[Start of section]

(* Every generalized Krull domain (in particular, every Noetherian integrally closed domain) is perinormal.
   Context: All rings are commutative with identity; ''local'' means having a unique maximal ideal; an overring of a domain $R$ is a ring between $R$ and its fraction field. A ring extension $A \subseteq B$ satisfies going-down if whenever $\mathfrak{p} \subset \mathfrak{q}$ are primes of $A$ and $Q$ is a prime of $B$ with $Q \cap A = \mathfrak{q}$, there is a prime $P \subseteq Q$ of $B$ with $P \cap A = \mathfrak{p}$. A domain $R$ is perinormal if every local overring $S$ of $R$ such that $R \subseteq S$ satisfies going-down is a localization of $R$. A ring $R$ satisfies (R$_1$) if $R_P$ is a valuation domain for every height one prime $P$ of $R$. Let $\operatorname{Spec}^1(R)$ denote the set of height one primes of $R$. A domain $R$ is a generalized Krull domain if (1) $R = \bigcap_{\mathfrak{p} \in \operatorname{Spec}^1(R)} R_{\mathfrak{p}}$, (2) every nonzero $r \in R$ lies in only finitely many height one primes, and (3) $R$ satisfies (R$_1$). *)

(* A domain R is represented as a subring of a field K such
   that K is the fraction field of R; overrings are subrings of K containing R.
   Subsets of K are Prop-valued predicates K -> Prop. *)
From mathcomp Require Import all_boot all_algebra.
Set Implicit Arguments. Unset Strict Implicit. Unset Printing Implicit Defensive.
Import GRing.Theory.
Local Open Scope ring_scope.

Section Defs.
Variable K : fieldType.
Implicit Types (A R S I J P Q : K -> Prop).

Definition is_subring A : Prop :=
  A 0 /\ A 1 /\ (forall x y, A x -> A y -> A (x - y)) /\
  (forall x y, A x -> A y -> A (x * y)).

Definition is_fraction_field R : Prop :=
  forall x : K, exists a b, R a /\ R b /\ b != 0 /\ x = a / b.

Definition overring R S : Prop :=
  is_subring S /\ (forall x, R x -> S x).

Definition is_ideal A I : Prop :=
  (forall x, I x -> A x) /\ I 0 /\
  (forall x y, I x -> I y -> I (x + y)) /\
  (forall a x, A a -> I x -> I (a * x)).

Definition is_prime A P : Prop :=
  is_ideal A P /\ ~ P 1 /\
  (forall x y, A x -> A y -> P (x * y) -> P x \/ P y).

Definition is_maximal A I : Prop :=
  is_ideal A I /\ ~ I 1 /\
  (forall J, is_ideal A J -> ~ J 1 -> (forall x, I x -> J x) -> forall x, J x -> I x).

Definition is_local A : Prop :=
  exists M, is_maximal A M /\ forall N, is_maximal A N -> forall x, N x <-> M x.

Definition going_down A B : Prop :=
  forall p q Q, is_prime A p -> is_prime A q -> (forall x, p x -> q x) ->
    is_prime B Q -> (forall x, (Q x /\ A x) <-> q x) ->
    exists P, is_prime B P /\ (forall x, P x -> Q x) /\
              (forall x, (P x /\ A x) <-> p x).

Definition localization_at R (W : K -> Prop) : K -> Prop :=
  fun x => exists a w, R a /\ W w /\ x = a / w.

Definition is_mult_set R (W : K -> Prop) : Prop :=
  (forall w, W w -> R w) /\ W 1 /\ ~ W 0 /\
  (forall v w, W v -> W w -> W (v * w)).

Definition is_localization_of R S : Prop :=
  exists W, is_mult_set R W /\ forall x, S x <-> localization_at R W x.

Definition localize_prime R P : K -> Prop :=
  localization_at R (fun w => R w /\ ~ P w).

Definition height_one R P : Prop :=
  is_prime R P /\ (exists x, P x /\ x != 0) /\
  forall Q, is_prime R Q -> (forall x, Q x -> P x) ->
    (forall x, Q x -> x = 0) \/ (forall x, P x -> Q x).

Definition is_valuation_domain A : Prop :=
  forall x : K, x != 0 -> A x \/ A x^-1.

Definition R1 R : Prop :=
  forall P, height_one R P -> is_valuation_domain (localize_prime R P).

Definition generalized_krull R : Prop :=
  (forall x, (forall P, height_one R P -> localize_prime R P x) -> R x) /\
  (* (2) each nonzero r lies in only finitely many height one primes *)
  (forall r, R r -> r != 0 ->
     exists (n : nat) (f : nat -> K -> Prop),
       forall P, height_one R P -> P r ->
         exists i, (i < n)%N /\ forall x, P x <-> f i x) /\
  R1 R.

[End of section]

Look above for the line holding "(* A domain", then set down exactly that line and every line after it up to and including the line holding "From mathcomp Require", with nothing else.

(* A domain R is represented as a subring of a field K such
   that K is the fraction field of R; overrings are subrings of K containing R.
   Subsets of K are Prop-valued predicates K -> Prop. *)
From mathcomp Require Import all_boot all_algebra.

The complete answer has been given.